_Instructions for the task:_ Below are records. Find each line in them that holds the word "others" and copy it.
++++++++
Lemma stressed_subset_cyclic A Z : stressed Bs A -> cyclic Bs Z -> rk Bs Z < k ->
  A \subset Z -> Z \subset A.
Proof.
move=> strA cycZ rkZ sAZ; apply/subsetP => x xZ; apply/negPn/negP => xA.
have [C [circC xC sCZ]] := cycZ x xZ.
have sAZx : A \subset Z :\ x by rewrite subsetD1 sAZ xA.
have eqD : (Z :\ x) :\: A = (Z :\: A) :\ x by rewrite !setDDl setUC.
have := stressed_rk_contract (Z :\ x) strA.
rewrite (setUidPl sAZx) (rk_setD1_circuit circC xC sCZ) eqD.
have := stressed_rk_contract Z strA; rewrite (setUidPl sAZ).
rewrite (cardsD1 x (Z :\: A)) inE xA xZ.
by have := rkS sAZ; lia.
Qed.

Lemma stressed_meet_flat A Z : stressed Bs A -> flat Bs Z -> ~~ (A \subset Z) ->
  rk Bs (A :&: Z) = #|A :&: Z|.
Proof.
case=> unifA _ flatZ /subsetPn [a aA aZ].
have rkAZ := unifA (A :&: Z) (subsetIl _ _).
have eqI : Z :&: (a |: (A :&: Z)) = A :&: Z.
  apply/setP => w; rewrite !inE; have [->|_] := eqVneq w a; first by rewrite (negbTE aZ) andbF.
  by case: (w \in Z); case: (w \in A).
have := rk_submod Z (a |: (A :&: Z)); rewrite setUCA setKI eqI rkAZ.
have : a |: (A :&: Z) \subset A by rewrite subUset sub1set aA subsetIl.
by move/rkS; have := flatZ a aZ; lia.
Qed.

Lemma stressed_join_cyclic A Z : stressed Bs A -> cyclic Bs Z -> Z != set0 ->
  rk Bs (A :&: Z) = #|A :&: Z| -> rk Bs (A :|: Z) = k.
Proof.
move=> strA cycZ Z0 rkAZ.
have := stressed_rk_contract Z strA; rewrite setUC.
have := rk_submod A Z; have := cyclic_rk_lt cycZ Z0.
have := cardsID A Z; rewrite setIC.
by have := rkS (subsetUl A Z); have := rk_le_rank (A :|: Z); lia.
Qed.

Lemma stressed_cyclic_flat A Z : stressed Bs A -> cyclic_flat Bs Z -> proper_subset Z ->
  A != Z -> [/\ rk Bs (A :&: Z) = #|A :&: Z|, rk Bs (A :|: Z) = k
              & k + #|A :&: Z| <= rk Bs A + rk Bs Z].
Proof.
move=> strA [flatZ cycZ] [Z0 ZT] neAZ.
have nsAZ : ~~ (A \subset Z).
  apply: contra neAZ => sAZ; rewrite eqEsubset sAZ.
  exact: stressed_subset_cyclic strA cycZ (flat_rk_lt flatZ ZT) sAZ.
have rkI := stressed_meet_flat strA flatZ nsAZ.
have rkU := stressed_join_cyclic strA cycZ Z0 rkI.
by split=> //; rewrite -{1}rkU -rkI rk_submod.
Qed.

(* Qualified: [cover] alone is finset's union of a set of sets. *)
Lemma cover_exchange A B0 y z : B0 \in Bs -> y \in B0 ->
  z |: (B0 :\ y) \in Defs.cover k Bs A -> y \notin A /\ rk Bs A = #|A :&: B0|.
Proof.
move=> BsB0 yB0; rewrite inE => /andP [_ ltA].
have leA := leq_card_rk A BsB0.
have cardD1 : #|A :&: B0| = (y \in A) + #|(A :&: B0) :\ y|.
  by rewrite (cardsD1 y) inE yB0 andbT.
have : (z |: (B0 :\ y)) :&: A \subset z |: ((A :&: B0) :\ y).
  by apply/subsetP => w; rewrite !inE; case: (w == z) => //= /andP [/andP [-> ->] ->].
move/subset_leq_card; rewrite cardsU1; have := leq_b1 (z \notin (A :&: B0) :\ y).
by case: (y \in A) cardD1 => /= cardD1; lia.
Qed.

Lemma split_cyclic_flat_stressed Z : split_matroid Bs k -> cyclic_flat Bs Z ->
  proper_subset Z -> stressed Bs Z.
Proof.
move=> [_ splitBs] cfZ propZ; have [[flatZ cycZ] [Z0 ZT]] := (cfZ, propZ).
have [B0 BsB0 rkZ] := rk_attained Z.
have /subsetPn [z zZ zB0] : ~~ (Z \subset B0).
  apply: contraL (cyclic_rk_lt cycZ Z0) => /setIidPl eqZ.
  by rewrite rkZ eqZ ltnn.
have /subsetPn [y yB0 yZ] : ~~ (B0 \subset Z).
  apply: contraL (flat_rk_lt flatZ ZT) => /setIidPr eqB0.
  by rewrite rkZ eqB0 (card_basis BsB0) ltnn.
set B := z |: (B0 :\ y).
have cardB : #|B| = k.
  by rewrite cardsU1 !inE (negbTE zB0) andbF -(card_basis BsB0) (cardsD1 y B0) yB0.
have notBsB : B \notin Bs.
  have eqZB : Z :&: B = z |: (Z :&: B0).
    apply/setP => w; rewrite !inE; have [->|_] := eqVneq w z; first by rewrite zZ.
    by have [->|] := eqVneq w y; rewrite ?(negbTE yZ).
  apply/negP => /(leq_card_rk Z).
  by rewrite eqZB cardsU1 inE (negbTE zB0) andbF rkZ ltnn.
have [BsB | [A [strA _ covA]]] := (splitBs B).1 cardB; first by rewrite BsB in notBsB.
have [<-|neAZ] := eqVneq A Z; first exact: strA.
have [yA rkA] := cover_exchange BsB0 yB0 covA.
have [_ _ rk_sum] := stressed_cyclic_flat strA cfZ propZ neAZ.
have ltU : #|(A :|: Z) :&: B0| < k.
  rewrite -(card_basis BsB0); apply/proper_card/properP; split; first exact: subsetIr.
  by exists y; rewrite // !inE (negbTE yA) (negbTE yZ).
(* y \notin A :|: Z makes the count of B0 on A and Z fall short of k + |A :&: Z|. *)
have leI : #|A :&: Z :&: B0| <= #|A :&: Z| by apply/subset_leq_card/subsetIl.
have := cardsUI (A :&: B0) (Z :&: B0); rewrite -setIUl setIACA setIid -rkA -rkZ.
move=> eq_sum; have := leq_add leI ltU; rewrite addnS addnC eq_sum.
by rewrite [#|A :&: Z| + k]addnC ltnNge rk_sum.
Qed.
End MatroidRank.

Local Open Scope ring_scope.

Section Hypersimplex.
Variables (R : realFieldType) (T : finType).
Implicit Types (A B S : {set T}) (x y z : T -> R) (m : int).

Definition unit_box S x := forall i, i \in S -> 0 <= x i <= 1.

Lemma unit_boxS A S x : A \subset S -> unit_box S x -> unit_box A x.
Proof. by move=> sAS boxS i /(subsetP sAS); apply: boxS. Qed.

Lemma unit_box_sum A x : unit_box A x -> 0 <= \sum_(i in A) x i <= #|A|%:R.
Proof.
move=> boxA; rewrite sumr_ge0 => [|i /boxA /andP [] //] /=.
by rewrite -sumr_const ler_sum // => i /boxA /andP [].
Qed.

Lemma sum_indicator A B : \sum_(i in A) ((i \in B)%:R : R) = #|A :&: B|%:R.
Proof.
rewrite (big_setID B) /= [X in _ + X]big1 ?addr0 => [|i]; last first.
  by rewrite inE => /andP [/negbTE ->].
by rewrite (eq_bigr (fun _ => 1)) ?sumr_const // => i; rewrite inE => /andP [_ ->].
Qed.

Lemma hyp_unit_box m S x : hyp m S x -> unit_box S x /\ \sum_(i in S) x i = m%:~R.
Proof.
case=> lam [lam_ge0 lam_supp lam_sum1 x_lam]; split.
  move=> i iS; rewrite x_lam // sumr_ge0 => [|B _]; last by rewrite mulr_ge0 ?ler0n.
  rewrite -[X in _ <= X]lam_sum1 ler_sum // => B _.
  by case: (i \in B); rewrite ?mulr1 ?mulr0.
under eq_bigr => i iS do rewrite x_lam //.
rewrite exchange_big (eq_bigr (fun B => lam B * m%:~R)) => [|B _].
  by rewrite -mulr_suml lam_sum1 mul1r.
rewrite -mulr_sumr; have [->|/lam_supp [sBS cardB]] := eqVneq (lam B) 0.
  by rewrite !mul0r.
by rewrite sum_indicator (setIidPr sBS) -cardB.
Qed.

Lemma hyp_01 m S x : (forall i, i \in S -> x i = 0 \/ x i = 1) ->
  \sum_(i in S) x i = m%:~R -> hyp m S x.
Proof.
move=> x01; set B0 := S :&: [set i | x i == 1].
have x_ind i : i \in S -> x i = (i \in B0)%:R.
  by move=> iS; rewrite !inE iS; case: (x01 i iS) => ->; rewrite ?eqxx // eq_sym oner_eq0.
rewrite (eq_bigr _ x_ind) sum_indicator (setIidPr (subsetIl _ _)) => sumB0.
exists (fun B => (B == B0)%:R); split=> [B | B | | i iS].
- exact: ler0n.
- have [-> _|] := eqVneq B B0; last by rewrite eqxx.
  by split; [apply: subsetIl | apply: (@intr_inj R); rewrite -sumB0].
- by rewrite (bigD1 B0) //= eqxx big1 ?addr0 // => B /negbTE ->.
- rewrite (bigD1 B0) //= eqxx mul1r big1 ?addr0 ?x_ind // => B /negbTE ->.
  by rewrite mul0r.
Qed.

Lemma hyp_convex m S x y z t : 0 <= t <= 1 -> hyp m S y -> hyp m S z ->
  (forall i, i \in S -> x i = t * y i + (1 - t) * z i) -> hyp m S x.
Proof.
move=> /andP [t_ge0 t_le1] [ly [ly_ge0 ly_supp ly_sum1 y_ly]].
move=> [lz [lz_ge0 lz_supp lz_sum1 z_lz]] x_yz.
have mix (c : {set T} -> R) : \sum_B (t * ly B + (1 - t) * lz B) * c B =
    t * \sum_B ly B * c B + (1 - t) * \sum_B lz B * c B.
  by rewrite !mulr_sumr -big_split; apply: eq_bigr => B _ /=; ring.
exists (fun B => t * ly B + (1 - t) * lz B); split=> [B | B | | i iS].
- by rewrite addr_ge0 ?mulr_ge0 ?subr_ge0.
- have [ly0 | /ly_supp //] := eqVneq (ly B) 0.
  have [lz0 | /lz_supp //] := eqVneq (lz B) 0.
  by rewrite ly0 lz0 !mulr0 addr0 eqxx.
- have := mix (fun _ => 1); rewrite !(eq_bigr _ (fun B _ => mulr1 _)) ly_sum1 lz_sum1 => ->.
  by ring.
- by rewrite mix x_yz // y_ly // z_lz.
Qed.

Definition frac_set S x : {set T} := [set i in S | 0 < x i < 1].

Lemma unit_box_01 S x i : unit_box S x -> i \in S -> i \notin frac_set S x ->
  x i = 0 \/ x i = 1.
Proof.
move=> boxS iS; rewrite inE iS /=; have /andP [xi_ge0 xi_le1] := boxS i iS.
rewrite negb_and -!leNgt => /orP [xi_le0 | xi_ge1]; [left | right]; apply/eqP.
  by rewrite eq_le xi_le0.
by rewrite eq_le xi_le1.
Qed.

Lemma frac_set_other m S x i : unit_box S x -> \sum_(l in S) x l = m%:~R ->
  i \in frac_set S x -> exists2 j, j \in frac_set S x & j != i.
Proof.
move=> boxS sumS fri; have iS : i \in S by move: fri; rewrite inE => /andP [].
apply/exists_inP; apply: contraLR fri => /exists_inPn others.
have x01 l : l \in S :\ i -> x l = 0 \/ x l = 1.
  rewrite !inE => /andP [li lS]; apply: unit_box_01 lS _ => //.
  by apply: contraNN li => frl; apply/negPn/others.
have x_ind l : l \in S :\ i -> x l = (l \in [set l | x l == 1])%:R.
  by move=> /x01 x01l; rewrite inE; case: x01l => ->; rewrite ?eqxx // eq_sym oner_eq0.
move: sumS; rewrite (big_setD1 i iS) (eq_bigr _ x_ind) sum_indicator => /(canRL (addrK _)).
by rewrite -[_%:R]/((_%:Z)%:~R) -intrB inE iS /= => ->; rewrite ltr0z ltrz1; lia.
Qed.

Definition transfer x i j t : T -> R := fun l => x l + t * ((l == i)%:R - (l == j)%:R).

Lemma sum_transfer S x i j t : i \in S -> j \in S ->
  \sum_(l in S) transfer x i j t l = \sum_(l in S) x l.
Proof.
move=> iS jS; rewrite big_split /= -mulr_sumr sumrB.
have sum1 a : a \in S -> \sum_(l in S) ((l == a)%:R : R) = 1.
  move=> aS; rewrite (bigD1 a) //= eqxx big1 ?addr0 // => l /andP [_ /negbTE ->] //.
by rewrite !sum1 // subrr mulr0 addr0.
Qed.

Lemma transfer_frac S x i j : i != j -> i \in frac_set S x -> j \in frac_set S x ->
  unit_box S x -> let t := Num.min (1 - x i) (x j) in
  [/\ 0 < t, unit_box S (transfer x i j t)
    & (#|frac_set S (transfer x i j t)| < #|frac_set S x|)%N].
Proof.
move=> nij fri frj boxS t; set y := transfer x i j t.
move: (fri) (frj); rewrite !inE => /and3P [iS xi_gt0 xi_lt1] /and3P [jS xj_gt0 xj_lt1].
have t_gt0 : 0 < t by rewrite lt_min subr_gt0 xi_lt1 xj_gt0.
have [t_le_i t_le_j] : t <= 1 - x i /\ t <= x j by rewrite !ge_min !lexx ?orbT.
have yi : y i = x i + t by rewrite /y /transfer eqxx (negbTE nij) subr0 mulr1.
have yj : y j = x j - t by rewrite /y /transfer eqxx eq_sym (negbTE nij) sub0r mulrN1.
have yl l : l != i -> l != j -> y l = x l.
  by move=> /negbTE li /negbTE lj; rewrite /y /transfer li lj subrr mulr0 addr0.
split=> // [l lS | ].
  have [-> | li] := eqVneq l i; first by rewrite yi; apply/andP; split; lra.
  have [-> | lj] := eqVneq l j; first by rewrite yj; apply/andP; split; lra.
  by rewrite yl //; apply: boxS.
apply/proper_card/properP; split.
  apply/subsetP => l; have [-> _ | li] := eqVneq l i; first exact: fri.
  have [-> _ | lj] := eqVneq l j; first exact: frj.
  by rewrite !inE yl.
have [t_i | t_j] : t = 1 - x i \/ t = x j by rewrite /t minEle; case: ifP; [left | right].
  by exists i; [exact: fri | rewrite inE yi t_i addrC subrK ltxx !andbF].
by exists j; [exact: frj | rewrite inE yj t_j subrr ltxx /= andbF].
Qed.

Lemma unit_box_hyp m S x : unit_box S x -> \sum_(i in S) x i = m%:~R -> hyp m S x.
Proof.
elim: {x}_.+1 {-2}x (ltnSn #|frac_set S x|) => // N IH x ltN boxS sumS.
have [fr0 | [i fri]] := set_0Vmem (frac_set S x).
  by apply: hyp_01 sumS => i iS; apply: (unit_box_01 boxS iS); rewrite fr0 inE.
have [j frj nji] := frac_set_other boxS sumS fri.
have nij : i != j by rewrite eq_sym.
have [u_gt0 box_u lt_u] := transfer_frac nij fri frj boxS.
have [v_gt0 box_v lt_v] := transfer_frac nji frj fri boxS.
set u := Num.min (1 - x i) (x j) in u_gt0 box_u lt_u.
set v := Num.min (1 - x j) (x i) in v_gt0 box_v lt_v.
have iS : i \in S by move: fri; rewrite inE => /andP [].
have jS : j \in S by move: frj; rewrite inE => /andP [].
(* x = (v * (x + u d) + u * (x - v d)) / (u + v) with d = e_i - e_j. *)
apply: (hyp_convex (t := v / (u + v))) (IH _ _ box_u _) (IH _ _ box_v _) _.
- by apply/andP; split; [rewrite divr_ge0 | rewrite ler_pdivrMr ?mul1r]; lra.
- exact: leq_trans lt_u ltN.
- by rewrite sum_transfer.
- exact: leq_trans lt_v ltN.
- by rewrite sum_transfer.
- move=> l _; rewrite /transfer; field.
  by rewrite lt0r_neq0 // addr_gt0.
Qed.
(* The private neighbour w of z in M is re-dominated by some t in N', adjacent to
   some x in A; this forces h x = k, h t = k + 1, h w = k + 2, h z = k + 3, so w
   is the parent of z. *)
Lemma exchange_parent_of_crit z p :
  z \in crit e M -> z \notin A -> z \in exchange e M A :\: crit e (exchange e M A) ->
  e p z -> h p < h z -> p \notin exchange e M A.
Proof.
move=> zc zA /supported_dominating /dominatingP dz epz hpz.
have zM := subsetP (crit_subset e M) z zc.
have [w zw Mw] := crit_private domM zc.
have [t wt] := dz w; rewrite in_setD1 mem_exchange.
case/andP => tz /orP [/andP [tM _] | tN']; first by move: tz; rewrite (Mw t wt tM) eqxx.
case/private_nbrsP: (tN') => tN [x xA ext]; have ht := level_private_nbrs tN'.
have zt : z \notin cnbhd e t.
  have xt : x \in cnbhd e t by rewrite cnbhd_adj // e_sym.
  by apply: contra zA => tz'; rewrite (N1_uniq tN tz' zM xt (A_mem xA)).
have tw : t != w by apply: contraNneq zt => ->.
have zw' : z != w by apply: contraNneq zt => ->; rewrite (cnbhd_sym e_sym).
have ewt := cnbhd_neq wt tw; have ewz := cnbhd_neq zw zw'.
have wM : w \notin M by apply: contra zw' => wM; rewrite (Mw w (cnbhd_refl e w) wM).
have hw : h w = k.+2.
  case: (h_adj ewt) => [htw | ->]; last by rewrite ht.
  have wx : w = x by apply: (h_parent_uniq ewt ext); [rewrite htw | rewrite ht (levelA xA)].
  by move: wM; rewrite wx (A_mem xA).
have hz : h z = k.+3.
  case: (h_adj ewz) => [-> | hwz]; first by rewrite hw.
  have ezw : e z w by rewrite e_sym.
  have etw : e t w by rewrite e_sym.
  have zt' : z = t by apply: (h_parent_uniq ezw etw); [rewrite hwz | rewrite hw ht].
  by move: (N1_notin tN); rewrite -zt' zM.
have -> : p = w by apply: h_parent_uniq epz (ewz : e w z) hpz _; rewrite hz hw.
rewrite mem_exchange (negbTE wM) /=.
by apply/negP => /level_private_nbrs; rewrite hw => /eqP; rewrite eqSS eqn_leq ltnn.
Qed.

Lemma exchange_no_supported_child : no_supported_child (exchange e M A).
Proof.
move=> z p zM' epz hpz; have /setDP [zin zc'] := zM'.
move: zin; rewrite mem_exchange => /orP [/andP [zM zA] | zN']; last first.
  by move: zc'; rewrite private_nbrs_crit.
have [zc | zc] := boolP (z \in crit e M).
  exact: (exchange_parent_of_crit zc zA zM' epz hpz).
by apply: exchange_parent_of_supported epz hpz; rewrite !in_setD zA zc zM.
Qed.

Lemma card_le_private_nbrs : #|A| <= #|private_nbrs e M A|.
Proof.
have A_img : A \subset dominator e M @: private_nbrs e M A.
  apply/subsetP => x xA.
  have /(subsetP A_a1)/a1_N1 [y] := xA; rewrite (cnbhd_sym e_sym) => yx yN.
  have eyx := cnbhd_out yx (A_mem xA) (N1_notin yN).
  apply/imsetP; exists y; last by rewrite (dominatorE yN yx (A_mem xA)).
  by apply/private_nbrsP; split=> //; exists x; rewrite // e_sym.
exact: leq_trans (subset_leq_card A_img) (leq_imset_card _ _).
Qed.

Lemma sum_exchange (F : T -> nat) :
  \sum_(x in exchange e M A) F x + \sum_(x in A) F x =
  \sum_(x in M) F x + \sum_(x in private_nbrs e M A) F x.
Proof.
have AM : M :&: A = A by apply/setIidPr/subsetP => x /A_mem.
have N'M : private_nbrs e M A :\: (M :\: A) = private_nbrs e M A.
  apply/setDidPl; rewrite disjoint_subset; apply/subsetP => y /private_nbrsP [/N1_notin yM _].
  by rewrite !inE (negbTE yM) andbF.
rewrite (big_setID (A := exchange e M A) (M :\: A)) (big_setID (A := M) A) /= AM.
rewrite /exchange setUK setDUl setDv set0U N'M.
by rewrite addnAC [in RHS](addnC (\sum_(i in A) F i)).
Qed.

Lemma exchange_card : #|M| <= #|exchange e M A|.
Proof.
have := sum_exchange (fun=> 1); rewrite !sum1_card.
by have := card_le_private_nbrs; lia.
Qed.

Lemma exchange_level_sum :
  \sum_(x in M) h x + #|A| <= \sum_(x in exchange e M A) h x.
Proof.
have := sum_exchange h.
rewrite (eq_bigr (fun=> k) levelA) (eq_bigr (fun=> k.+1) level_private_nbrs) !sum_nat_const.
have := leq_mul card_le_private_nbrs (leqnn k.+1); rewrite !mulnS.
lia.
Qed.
++++++++
_Written response:_
apply/exists_inP; apply: contraLR fri => /exists_inPn others.
  by apply: contraNN li => frl; apply/negPn/others.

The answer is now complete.